Data excerpts

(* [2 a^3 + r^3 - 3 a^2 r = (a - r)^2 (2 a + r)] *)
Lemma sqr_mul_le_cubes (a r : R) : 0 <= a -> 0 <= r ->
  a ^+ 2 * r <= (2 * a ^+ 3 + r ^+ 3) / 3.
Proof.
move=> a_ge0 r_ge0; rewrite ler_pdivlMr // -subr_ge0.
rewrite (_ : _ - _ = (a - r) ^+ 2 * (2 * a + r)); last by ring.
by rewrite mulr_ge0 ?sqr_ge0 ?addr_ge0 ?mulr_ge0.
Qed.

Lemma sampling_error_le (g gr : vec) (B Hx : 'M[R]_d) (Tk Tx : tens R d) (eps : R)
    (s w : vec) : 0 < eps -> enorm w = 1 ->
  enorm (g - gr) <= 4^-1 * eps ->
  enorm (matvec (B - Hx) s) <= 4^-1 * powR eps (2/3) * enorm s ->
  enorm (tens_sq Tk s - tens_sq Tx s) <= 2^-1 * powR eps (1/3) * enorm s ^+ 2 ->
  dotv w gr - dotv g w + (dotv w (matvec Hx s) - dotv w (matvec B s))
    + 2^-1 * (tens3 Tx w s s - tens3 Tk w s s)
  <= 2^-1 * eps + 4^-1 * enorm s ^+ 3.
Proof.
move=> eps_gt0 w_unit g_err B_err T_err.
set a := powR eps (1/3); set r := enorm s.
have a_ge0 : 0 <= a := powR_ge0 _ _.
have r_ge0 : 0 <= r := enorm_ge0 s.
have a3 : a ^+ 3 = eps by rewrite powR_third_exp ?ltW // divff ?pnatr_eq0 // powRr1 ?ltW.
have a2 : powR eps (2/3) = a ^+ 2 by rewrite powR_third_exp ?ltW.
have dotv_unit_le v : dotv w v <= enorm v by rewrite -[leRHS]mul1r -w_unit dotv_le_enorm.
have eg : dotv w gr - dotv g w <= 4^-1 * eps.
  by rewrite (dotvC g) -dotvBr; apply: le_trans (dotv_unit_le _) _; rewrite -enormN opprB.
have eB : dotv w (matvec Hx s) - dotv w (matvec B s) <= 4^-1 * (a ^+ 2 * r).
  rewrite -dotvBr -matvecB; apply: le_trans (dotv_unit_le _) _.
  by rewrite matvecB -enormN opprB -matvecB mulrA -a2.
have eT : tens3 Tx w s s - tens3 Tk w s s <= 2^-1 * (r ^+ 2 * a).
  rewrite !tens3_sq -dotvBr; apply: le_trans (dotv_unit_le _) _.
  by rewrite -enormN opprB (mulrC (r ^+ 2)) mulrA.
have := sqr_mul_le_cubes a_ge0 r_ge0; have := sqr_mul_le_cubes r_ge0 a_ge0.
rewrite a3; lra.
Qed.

Work instruction
The first line of the entries, the line with "by rewrite matvecB", and every line between them should be retyped exactly, and nothing else.

Problem solution
(* [2 a^3 + r^3 - 3 a^2 r = (a - r)^2 (2 a + r)] *)
Lemma sqr_mul_le_cubes (a r : R) : 0 <= a -> 0 <= r ->
  a ^+ 2 * r <= (2 * a ^+ 3 + r ^+ 3) / 3.
Proof.
move=> a_ge0 r_ge0; rewrite ler_pdivlMr // -subr_ge0.
rewrite (_ : _ - _ = (a - r) ^+ 2 * (2 * a + r)); last by ring.
by rewrite mulr_ge0 ?sqr_ge0 ?addr_ge0 ?mulr_ge0.
Qed.

Lemma sampling_error_le (g gr : vec) (B Hx : 'M[R]_d) (Tk Tx : tens R d) (eps : R)
    (s w : vec) : 0 < eps -> enorm w = 1 ->
  enorm (g - gr) <= 4^-1 * eps ->
  enorm (matvec (B - Hx) s) <= 4^-1 * powR eps (2/3) * enorm s ->
  enorm (tens_sq Tk s - tens_sq Tx s) <= 2^-1 * powR eps (1/3) * enorm s ^+ 2 ->
  dotv w gr - dotv g w + (dotv w (matvec Hx s) - dotv w (matvec B s))
    + 2^-1 * (tens3 Tx w s s - tens3 Tk w s s)
  <= 2^-1 * eps + 4^-1 * enorm s ^+ 3.
Proof.
move=> eps_gt0 w_unit g_err B_err T_err.
set a := powR eps (1/3); set r := enorm s.
have a_ge0 : 0 <= a := powR_ge0 _ _.
have r_ge0 : 0 <= r := enorm_ge0 s.
have a3 : a ^+ 3 = eps by rewrite powR_third_exp ?ltW // divff ?pnatr_eq0 // powRr1 ?ltW.
have a2 : powR eps (2/3) = a ^+ 2 by rewrite powR_third_exp ?ltW.
have dotv_unit_le v : dotv w v <= enorm v by rewrite -[leRHS]mul1r -w_unit dotv_le_enorm.
have eg : dotv w gr - dotv g w <= 4^-1 * eps.
  by rewrite (dotvC g) -dotvBr; apply: le_trans (dotv_unit_le _) _; rewrite -enormN opprB.
have eB : dotv w (matvec Hx s) - dotv w (matvec B s) <= 4^-1 * (a ^+ 2 * r).
  rewrite -dotvBr -matvecB; apply: le_trans (dotv_unit_le _) _.
  by rewrite matvecB -enormN opprB -matvecB mulrA -a2.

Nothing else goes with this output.